Task item: Reproduce all of the records exactly.

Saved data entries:
Lemma Cplus_1_div_RtoC (x y d : R) : d <> 0 -> (1 + (x, y) / RtoC d)%C = (1 + x / d, y / d).
Proof. intros Hd; apply injective_projections; simpl; field; assumption. Qed.

Section RootCurve.

Variables (c tau A N : R).
Hypothesis Hc : 0 < c.
Hypothesis HN : 0 < N.
Hypothesis Htau : 0 < tau.

(* [c], [A] and [N] stand for μ + κ, π + 2kπ and n + 1.  Along the branch, [root_arg y] is θ,
   [root_re y] is x, [root_gain y] is ln(ln α − 1) and [root_alpha y] is α(y); primed
   names are derivatives in y, [root_velocity y] is dλ/dα, and [first_quadrant y]
   says that 1 + λ/c lies in the open first quadrant. *)
Definition root_arg (y : R) : R := (A - tau * y) / N.

Definition root_re (y : R) : R := y * cos (root_arg y) / sin (root_arg y) - c.

Definition root_re' (y : R) : R :=
  cos (root_arg y) / sin (root_arg y)
  + y * tau / N * (1 + (cos (root_arg y) / sin (root_arg y)) ^ 2).

Definition root_gain (y : R) : R :=
  N * ln (y / (c * sin (root_arg y))) + tau * root_re y.

Definition root_gain' (y : R) : R :=
  N / y + tau * (cos (root_arg y) / sin (root_arg y)) + tau * root_re' y.

Definition root_alpha (y : R) : R := exp (1 + exp (root_gain y)).

Definition root_alpha' (y : R) : R := root_alpha y * exp (root_gain y) * root_gain' y.

Definition root_curve (y : R) : C := (root_re y, y).

Definition root_velocity (y : R) : C := scal (/ root_alpha' y) ((root_re' y, 1) : C).

Definition first_quadrant (y : R) : Prop :=
  0 < y /\ 0 < sin (root_arg y) /\ 0 < cos (root_arg y).

Lemma is_derive_root_arg y : is_derive root_arg y (- tau / N).
Proof. unfold root_arg; auto_derive; [easy | field; lra]. Qed.

Lemma ex_derive_root_arg y : ex_derive root_arg y.
Proof. eexists; apply is_derive_root_arg. Qed.

Lemma Derive_root_arg y : Derive (fun x => root_arg x) y = - tau / N.
Proof. apply is_derive_unique, is_derive_root_arg. Qed.

Lemma is_derive_root_re y : 0 < sin (root_arg y) -> is_derive root_re y (root_re' y).
Proof.
intros Hs; unfold root_re, root_re'.
auto_derive; [repeat split; auto using ex_derive_root_arg; lra |].
rewrite Derive_root_arg; field; lra.
Qed.

Lemma is_derive_root_gain y :
  0 < y -> 0 < sin (root_arg y) -> is_derive root_gain y (root_gain' y).
Proof.
intros Hy Hs; unfold root_gain, root_gain', root_re, root_re'.
auto_derive.
- assert (0 < c * sin (root_arg y)) by (apply Rmult_lt_0_compat; lra).
  repeat split; auto using ex_derive_root_arg; try lra.
  apply Rmult_lt_0_compat; [lra | now apply Rinv_0_lt_compat].
- rewrite Derive_root_arg; field; repeat split; lra.
Qed.

Lemma ex_derive_root_gain y : 0 < y -> 0 < sin (root_arg y) -> ex_derive root_gain y.
Proof. intros Hy Hs; eexists; apply is_derive_root_gain; assumption. Qed.

Lemma is_derive_root_alpha y :
  0 < y -> 0 < sin (root_arg y) -> is_derive root_alpha y (root_alpha' y).
Proof.
intros Hy Hs; unfold root_alpha, root_alpha'.
auto_derive; [now apply ex_derive_root_gain |].
replace (Derive (fun x => root_gain x) y) with (root_gain' y)
  by (symmetry; apply is_derive_unique, is_derive_root_gain; assumption).
unfold root_alpha; ring.
Qed.

Lemma is_derive_root_curve y :
  0 < sin (root_arg y) -> is_derive root_curve y ((root_re' y, 1) : C).
Proof. intros Hs; apply is_derive_pair; [now apply is_derive_root_re | now auto_derive]. Qed.

Lemma root_re'_pos y : first_quadrant y -> 0 < root_re' y.
Proof.
intros (Hy & Hs & Hco); unfold root_re'.
assert (0 < cos (root_arg y) / sin (root_arg y)) by (apply Rdiv_lt_0_compat; lra).
assert (0 < y * tau / N) by (apply Rdiv_lt_0_compat; nra).
pose proof (pow2_ge_0 (cos (root_arg y) / sin (root_arg y))).
apply Rplus_lt_0_compat; [assumption | apply Rmult_lt_0_compat; lra].
Qed.

Lemma root_alpha'_pos y : first_quadrant y -> 0 < root_alpha' y.
Proof.
intros Hq; pose proof (root_re'_pos y Hq); destruct Hq as (Hy & Hs & Hco).
assert (0 < cos (root_arg y) / sin (root_arg y)) by (apply Rdiv_lt_0_compat; lra).
assert (0 < root_gain' y).
{ unfold root_gain'; repeat apply Rplus_lt_0_compat;
    auto using Rmult_lt_0_compat; apply Rdiv_lt_0_compat; lra. }
unfold root_alpha', root_alpha; repeat apply Rmult_lt_0_compat; auto using exp_pos.
Qed.

Lemma continuous_root_re' y : 0 < sin (root_arg y) -> continuous root_re' y.
Proof.
intros Hs; apply (ex_derive_continuous root_re'); unfold root_re'.
auto_derive; repeat split; auto using ex_derive_root_arg; lra.
Qed.

Lemma continuous_root_alpha' y : 0 < y -> 0 < sin (root_arg y) -> continuous root_alpha' y.
Proof.
intros Hy Hs; apply (ex_derive_continuous root_alpha');
  unfold root_alpha', root_alpha, root_gain', root_re'.
auto_derive; repeat split; auto using ex_derive_root_arg, ex_derive_root_gain; lra.
Qed.

Lemma continuous_root_velocity y : first_quadrant y -> continuous root_velocity y.
Proof.
intros Hq; pose proof (root_alpha'_pos y Hq); destruct Hq as (Hy & Hs & _).
apply (continuous_scal (V := prod_NormedModule R_AbsRing R_NormedModule R_NormedModule)).
- apply continuous_Rinv_comp; [now apply continuous_root_alpha' | lra].
- apply continuous_pair; [now apply continuous_root_re' | apply continuous_const].
Qed.

Lemma root_velocity_re_pos y : first_quadrant y -> 0 < Re (root_velocity y).
Proof.
intros Hq; apply Rmult_lt_0_compat.
- apply Rinv_0_lt_compat, root_alpha'_pos, Hq.
- apply root_re'_pos, Hq.
Qed.

Lemma locally_first_quadrant y : first_quadrant y -> locally y first_quadrant.
Proof.
intros (Hy & Hs & Hco); unfold first_quadrant; repeat apply filter_and.
- now apply (locally_pos (fun x => x)); [apply continuous_id |].
- apply (locally_pos (fun x => sin (root_arg x))); [| exact Hs].
  apply (ex_derive_continuous (fun x => sin (root_arg x))).
  auto_derive; auto using ex_derive_root_arg.
- apply (locally_pos (fun x => cos (root_arg x))); [| exact Hco].
  apply (ex_derive_continuous (fun x => cos (root_arg x))).
  auto_derive; auto using ex_derive_root_arg.
Qed.

End RootCurve.

Section CharacteristicRoots.

Variables (mu tau kappa : R) (n k : nat).
Hypothesis Hc : 0 < mu + kappa.

Local Notation c := (mu + kappa).
Local Notation A := (PI + 2 * INR k * PI).
Local Notation N := (INR (S n)).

Your solution:
Lemma Cplus_1_div_RtoC (x y d : R) : d <> 0 -> (1 + (x, y) / RtoC d)%C = (1 + x / d, y / d).
Proof. intros Hd; apply injective_projections; simpl; field; assumption. Qed.

Section RootCurve.

Variables (c tau A N : R).
Hypothesis Hc : 0 < c.
Hypothesis HN : 0 < N.
Hypothesis Htau : 0 < tau.

(* [c], [A] and [N] stand for μ + κ, π + 2kπ and n + 1.  Along the branch, [root_arg y] is θ,
   [root_re y] is x, [root_gain y] is ln(ln α − 1) and [root_alpha y] is α(y); primed
   names are derivatives in y, [root_velocity y] is dλ/dα, and [first_quadrant y]
   says that 1 + λ/c lies in the open first quadrant. *)
Definition root_arg (y : R) : R := (A - tau * y) / N.

Definition root_re (y : R) : R := y * cos (root_arg y) / sin (root_arg y) - c.

Definition root_re' (y : R) : R :=
  cos (root_arg y) / sin (root_arg y)
  + y * tau / N * (1 + (cos (root_arg y) / sin (root_arg y)) ^ 2).

Definition root_gain (y : R) : R :=
  N * ln (y / (c * sin (root_arg y))) + tau * root_re y.

Definition root_gain' (y : R) : R :=
  N / y + tau * (cos (root_arg y) / sin (root_arg y)) + tau * root_re' y.

Definition root_alpha (y : R) : R := exp (1 + exp (root_gain y)).

Definition root_alpha' (y : R) : R := root_alpha y * exp (root_gain y) * root_gain' y.

Definition root_curve (y : R) : C := (root_re y, y).

Definition root_velocity (y : R) : C := scal (/ root_alpha' y) ((root_re' y, 1) : C).

Definition first_quadrant (y : R) : Prop :=
  0 < y /\ 0 < sin (root_arg y) /\ 0 < cos (root_arg y).

Lemma is_derive_root_arg y : is_derive root_arg y (- tau / N).
Proof. unfold root_arg; auto_derive; [easy | field; lra]. Qed.

Lemma ex_derive_root_arg y : ex_derive root_arg y.
Proof. eexists; apply is_derive_root_arg. Qed.

Lemma Derive_root_arg y : Derive (fun x => root_arg x) y = - tau / N.
Proof. apply is_derive_unique, is_derive_root_arg. Qed.

Lemma is_derive_root_re y : 0 < sin (root_arg y) -> is_derive root_re y (root_re' y).
Proof.
intros Hs; unfold root_re, root_re'.
auto_derive; [repeat split; auto using ex_derive_root_arg; lra |].
rewrite Derive_root_arg; field; lra.
Qed.

Lemma is_derive_root_gain y :
  0 < y -> 0 < sin (root_arg y) -> is_derive root_gain y (root_gain' y).
Proof.
intros Hy Hs; unfold root_gain, root_gain', root_re, root_re'.
auto_derive.
- assert (0 < c * sin (root_arg y)) by (apply Rmult_lt_0_compat; lra).
  repeat split; auto using ex_derive_root_arg; try lra.
  apply Rmult_lt_0_compat; [lra | now apply Rinv_0_lt_compat].
- rewrite Derive_root_arg; field; repeat split; lra.
Qed.

Lemma ex_derive_root_gain y : 0 < y -> 0 < sin (root_arg y) -> ex_derive root_gain y.
Proof. intros Hy Hs; eexists; apply is_derive_root_gain; assumption. Qed.

Lemma is_derive_root_alpha y :
  0 < y -> 0 < sin (root_arg y) -> is_derive root_alpha y (root_alpha' y).
Proof.
intros Hy Hs; unfold root_alpha, root_alpha'.
auto_derive; [now apply ex_derive_root_gain |].
replace (Derive (fun x => root_gain x) y) with (root_gain' y)
  by (symmetry; apply is_derive_unique, is_derive_root_gain; assumption).
unfold root_alpha; ring.
Qed.

Lemma is_derive_root_curve y :
  0 < sin (root_arg y) -> is_derive root_curve y ((root_re' y, 1) : C).
Proof. intros Hs; apply is_derive_pair; [now apply is_derive_root_re | now auto_derive]. Qed.

Lemma root_re'_pos y : first_quadrant y -> 0 < root_re' y.
Proof.
intros (Hy & Hs & Hco); unfold root_re'.
assert (0 < cos (root_arg y) / sin (root_arg y)) by (apply Rdiv_lt_0_compat; lra).
assert (0 < y * tau / N) by (apply Rdiv_lt_0_compat; nra).
pose proof (pow2_ge_0 (cos (root_arg y) / sin (root_arg y))).
apply Rplus_lt_0_compat; [assumption | apply Rmult_lt_0_compat; lra].
Qed.

Lemma root_alpha'_pos y : first_quadrant y -> 0 < root_alpha' y.
Proof.
intros Hq; pose proof (root_re'_pos y Hq); destruct Hq as (Hy & Hs & Hco).
assert (0 < cos (root_arg y) / sin (root_arg y)) by (apply Rdiv_lt_0_compat; lra).
assert (0 < root_gain' y).
{ unfold root_gain'; repeat apply Rplus_lt_0_compat;
    auto using Rmult_lt_0_compat; apply Rdiv_lt_0_compat; lra. }
unfold root_alpha', root_alpha; repeat apply Rmult_lt_0_compat; auto using exp_pos.
Qed.

Lemma continuous_root_re' y : 0 < sin (root_arg y) -> continuous root_re' y.
Proof.
intros Hs; apply (ex_derive_continuous root_re'); unfold root_re'.
auto_derive; repeat split; auto using ex_derive_root_arg; lra.
Qed.

Lemma continuous_root_alpha' y : 0 < y -> 0 < sin (root_arg y) -> continuous root_alpha' y.
Proof.
intros Hy Hs; apply (ex_derive_continuous root_alpha');
  unfold root_alpha', root_alpha, root_gain', root_re'.
auto_derive; repeat split; auto using ex_derive_root_arg, ex_derive_root_gain; lra.
Qed.

Lemma continuous_root_velocity y : first_quadrant y -> continuous root_velocity y.
Proof.
intros Hq; pose proof (root_alpha'_pos y Hq); destruct Hq as (Hy & Hs & _).
apply (continuous_scal (V := prod_NormedModule R_AbsRing R_NormedModule R_NormedModule)).
- apply continuous_Rinv_comp; [now apply continuous_root_alpha' | lra].
- apply continuous_pair; [now apply continuous_root_re' | apply continuous_const].
Qed.

Lemma root_velocity_re_pos y : first_quadrant y -> 0 < Re (root_velocity y).
Proof.
intros Hq; apply Rmult_lt_0_compat.
- apply Rinv_0_lt_compat, root_alpha'_pos, Hq.
- apply root_re'_pos, Hq.
Qed.

Lemma locally_first_quadrant y : first_quadrant y -> locally y first_quadrant.
Proof.
intros (Hy & Hs & Hco); unfold first_quadrant; repeat apply filter_and.
- now apply (locally_pos (fun x => x)); [apply continuous_id |].
- apply (locally_pos (fun x => sin (root_arg x))); [| exact Hs].
  apply (ex_derive_continuous (fun x => sin (root_arg x))).
  auto_derive; auto using ex_derive_root_arg.
- apply (locally_pos (fun x => cos (root_arg x))); [| exact Hco].
  apply (ex_derive_continuous (fun x => cos (root_arg x))).
  auto_derive; auto using ex_derive_root_arg.
Qed.

End RootCurve.

Section CharacteristicRoots.

Variables (mu tau kappa : R) (n k : nat).
Hypothesis Hc : 0 < mu + kappa.

Local Notation c := (mu + kappa).
Local Notation A := (PI + 2 * INR k * PI).
Local Notation N := (INR (S n)).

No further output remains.